------ EXTRACTED INFORMATION ------

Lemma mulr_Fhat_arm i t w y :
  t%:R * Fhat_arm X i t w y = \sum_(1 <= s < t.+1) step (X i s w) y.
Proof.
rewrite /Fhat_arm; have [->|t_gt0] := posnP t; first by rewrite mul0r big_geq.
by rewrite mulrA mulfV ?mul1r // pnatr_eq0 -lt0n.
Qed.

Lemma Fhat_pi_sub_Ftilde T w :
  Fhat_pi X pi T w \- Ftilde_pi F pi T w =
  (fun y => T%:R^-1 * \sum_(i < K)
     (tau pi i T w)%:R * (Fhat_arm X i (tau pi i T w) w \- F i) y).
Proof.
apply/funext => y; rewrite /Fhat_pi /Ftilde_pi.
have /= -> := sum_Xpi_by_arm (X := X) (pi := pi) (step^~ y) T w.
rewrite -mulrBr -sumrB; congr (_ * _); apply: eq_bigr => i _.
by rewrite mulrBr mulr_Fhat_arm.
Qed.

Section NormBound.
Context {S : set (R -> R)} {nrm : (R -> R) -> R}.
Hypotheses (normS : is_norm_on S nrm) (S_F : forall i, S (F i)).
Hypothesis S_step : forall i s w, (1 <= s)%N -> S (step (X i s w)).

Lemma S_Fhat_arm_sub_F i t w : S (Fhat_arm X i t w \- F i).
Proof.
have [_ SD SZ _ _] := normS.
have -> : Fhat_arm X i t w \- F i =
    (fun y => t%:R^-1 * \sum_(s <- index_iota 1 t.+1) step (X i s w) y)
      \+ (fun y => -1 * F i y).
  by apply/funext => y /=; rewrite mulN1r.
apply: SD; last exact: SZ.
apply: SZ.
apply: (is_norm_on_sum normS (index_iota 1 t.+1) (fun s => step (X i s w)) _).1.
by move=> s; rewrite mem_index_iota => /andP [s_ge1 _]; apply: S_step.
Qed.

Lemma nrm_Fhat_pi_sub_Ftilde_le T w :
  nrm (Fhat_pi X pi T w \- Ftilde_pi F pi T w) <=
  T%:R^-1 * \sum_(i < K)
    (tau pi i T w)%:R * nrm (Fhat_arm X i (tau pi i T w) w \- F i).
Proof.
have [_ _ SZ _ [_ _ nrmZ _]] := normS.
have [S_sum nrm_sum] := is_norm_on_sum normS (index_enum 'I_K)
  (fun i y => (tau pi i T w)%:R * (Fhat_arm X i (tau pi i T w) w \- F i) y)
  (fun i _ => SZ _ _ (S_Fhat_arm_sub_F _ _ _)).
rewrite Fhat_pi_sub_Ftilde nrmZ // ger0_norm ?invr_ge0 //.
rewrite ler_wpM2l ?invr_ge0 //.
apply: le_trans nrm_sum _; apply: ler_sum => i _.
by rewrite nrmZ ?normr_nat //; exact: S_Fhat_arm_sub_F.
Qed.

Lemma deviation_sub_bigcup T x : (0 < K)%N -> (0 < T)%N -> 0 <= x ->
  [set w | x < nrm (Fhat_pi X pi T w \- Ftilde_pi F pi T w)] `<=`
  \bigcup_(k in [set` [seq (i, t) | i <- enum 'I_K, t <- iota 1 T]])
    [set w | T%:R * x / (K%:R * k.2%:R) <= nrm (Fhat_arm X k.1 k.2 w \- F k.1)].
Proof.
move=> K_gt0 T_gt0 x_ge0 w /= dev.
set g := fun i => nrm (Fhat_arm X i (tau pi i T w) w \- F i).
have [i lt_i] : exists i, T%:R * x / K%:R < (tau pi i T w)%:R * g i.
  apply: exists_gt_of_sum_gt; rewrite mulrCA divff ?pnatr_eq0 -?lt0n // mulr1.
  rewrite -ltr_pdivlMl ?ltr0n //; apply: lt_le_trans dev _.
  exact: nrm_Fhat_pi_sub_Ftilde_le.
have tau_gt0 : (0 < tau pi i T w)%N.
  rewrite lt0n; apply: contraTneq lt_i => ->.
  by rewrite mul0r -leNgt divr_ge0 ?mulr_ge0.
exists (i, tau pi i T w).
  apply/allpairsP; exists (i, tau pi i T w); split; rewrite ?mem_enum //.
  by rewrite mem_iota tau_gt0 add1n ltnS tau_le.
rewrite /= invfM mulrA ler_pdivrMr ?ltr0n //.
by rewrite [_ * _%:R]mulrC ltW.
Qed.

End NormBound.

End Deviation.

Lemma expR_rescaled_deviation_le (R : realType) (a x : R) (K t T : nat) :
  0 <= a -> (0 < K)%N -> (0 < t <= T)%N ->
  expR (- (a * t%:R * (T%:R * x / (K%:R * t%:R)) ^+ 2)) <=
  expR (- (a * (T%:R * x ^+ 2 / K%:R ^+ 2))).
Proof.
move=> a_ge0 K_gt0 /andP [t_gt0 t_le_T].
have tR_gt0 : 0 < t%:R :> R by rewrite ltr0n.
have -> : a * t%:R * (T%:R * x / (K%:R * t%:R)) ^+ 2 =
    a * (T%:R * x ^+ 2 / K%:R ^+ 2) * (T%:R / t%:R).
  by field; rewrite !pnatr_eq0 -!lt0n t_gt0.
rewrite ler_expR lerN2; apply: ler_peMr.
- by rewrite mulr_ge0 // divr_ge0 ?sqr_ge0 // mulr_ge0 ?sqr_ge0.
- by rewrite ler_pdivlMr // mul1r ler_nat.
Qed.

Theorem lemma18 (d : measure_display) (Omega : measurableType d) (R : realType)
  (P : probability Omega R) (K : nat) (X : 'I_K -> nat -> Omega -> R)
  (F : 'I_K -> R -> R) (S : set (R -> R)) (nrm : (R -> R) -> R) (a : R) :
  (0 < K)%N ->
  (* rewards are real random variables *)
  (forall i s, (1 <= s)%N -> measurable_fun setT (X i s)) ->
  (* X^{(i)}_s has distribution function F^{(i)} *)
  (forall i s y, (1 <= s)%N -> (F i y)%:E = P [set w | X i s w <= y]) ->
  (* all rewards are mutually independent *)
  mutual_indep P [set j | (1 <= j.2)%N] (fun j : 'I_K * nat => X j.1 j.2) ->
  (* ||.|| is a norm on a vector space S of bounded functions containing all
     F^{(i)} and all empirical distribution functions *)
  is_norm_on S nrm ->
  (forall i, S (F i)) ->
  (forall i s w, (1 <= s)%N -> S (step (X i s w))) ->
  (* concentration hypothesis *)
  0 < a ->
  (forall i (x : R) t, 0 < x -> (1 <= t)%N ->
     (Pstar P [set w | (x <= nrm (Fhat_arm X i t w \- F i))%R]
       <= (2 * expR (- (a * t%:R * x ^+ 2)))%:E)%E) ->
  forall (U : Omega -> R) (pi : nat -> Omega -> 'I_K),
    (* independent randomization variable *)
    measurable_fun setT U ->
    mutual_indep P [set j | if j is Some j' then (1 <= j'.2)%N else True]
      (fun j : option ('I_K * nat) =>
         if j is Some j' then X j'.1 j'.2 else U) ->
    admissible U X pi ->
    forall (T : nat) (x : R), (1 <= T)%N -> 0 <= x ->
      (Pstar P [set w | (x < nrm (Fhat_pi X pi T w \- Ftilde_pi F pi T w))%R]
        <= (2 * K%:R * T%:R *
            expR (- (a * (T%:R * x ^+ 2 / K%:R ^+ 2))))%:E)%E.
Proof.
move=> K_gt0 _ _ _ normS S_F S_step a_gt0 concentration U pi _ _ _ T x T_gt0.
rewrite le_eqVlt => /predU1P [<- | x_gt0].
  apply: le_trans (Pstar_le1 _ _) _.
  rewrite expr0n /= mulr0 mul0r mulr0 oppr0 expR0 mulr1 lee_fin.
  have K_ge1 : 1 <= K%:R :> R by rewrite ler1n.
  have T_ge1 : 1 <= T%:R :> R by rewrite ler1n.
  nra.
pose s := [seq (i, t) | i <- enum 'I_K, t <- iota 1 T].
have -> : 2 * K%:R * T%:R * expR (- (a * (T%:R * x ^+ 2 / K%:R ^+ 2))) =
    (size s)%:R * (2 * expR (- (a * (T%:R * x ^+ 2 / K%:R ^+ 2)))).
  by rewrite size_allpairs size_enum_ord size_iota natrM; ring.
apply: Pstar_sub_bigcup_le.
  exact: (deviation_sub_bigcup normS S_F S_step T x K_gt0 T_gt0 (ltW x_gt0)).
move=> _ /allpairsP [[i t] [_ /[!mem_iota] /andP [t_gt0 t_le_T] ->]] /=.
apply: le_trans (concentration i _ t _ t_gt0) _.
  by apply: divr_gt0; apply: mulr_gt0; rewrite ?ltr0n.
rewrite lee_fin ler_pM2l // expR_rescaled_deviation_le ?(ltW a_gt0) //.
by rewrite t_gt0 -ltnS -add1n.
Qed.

------
------ EXTRACTED INFORMATION ------

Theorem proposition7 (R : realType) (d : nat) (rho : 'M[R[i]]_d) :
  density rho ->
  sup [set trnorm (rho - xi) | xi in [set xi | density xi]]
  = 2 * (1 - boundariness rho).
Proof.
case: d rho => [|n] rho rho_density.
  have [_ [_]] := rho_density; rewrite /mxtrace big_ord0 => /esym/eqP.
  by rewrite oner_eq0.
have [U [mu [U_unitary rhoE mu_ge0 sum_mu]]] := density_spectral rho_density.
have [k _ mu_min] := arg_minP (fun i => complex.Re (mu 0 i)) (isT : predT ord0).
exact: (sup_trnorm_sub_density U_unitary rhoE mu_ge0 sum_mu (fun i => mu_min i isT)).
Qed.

------
------ EXTRACTED INFORMATION ------

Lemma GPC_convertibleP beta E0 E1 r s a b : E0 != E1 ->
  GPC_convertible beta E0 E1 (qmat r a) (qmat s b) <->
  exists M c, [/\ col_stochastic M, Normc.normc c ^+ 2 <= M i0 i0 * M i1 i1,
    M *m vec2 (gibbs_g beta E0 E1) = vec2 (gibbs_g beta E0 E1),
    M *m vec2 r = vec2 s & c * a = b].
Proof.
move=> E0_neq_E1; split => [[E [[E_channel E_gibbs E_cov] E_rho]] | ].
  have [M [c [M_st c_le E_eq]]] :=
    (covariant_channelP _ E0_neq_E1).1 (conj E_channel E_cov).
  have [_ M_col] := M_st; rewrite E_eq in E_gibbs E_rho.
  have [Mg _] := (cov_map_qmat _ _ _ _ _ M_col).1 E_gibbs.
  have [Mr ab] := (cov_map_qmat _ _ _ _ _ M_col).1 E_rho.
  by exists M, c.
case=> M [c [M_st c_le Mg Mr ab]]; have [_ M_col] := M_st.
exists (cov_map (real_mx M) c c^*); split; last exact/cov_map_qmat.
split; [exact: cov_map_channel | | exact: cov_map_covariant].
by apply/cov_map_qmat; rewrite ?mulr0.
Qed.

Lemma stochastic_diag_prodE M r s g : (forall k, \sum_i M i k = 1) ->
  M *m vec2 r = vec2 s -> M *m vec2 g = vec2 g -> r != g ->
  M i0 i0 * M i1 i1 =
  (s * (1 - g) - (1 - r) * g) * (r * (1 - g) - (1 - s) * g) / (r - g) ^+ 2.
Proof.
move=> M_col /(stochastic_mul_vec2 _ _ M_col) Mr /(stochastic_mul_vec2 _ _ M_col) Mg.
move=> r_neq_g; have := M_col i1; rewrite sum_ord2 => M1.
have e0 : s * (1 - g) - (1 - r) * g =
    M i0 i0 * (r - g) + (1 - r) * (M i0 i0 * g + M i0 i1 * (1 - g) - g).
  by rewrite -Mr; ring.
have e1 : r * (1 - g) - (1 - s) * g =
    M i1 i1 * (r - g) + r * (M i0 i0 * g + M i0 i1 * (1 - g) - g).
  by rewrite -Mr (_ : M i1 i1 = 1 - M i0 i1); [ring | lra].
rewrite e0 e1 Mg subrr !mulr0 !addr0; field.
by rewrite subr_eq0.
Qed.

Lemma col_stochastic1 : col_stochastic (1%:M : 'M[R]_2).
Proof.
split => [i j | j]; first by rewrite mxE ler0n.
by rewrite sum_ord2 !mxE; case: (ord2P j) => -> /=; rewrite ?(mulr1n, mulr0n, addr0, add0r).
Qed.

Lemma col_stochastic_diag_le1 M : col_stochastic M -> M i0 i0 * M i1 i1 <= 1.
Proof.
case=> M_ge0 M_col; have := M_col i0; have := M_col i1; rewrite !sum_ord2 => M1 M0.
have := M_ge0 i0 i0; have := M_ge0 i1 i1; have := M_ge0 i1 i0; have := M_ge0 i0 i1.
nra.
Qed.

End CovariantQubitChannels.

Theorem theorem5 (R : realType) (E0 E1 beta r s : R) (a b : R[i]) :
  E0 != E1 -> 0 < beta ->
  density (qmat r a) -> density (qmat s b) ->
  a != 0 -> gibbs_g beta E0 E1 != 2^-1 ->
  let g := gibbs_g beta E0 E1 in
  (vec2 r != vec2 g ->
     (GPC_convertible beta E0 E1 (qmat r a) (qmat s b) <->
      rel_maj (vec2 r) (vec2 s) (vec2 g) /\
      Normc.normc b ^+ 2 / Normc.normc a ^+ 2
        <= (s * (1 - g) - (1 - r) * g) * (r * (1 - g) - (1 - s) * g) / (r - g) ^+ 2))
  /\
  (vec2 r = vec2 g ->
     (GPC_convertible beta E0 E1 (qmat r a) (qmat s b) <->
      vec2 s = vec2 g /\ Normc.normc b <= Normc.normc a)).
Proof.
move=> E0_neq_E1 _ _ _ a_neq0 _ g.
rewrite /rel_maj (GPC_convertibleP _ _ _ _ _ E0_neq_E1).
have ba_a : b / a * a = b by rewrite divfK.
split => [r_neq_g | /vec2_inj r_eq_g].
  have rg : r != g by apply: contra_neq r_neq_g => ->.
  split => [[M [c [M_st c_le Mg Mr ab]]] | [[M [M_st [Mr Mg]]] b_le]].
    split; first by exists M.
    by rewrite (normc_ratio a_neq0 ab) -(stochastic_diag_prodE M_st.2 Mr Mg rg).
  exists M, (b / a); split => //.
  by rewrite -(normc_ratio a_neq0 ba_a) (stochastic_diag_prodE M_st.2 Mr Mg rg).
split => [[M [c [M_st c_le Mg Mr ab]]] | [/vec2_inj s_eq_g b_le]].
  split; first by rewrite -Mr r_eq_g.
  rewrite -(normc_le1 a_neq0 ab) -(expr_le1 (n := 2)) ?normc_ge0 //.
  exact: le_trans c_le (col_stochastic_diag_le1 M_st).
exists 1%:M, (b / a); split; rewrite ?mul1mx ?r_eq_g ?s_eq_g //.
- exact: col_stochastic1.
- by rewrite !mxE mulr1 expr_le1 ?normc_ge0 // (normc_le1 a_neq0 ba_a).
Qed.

------

**PROBLEM**
Using the records above, copy word for word the line with "Lemma mulr_Fhat_arm i", the line with "have /= -> := sum_Xpi_by_arm", and every line between them.

**WRITTEN SOLUTION**
Lemma mulr_Fhat_arm i t w y :
  t%:R * Fhat_arm X i t w y = \sum_(1 <= s < t.+1) step (X i s w) y.
Proof.
rewrite /Fhat_arm; have [->|t_gt0] := posnP t; first by rewrite mul0r big_geq.
by rewrite mulrA mulfV ?mul1r // pnatr_eq0 -lt0n.
Qed.

Lemma Fhat_pi_sub_Ftilde T w :
  Fhat_pi X pi T w \- Ftilde_pi F pi T w =
  (fun y => T%:R^-1 * \sum_(i < K)
     (tau pi i T w)%:R * (Fhat_arm X i (tau pi i T w) w \- F i) y).
Proof.
apply/funext => y; rewrite /Fhat_pi /Ftilde_pi.
have /= -> := sum_Xpi_by_arm (X := X) (pi := pi) (step^~ y) T w.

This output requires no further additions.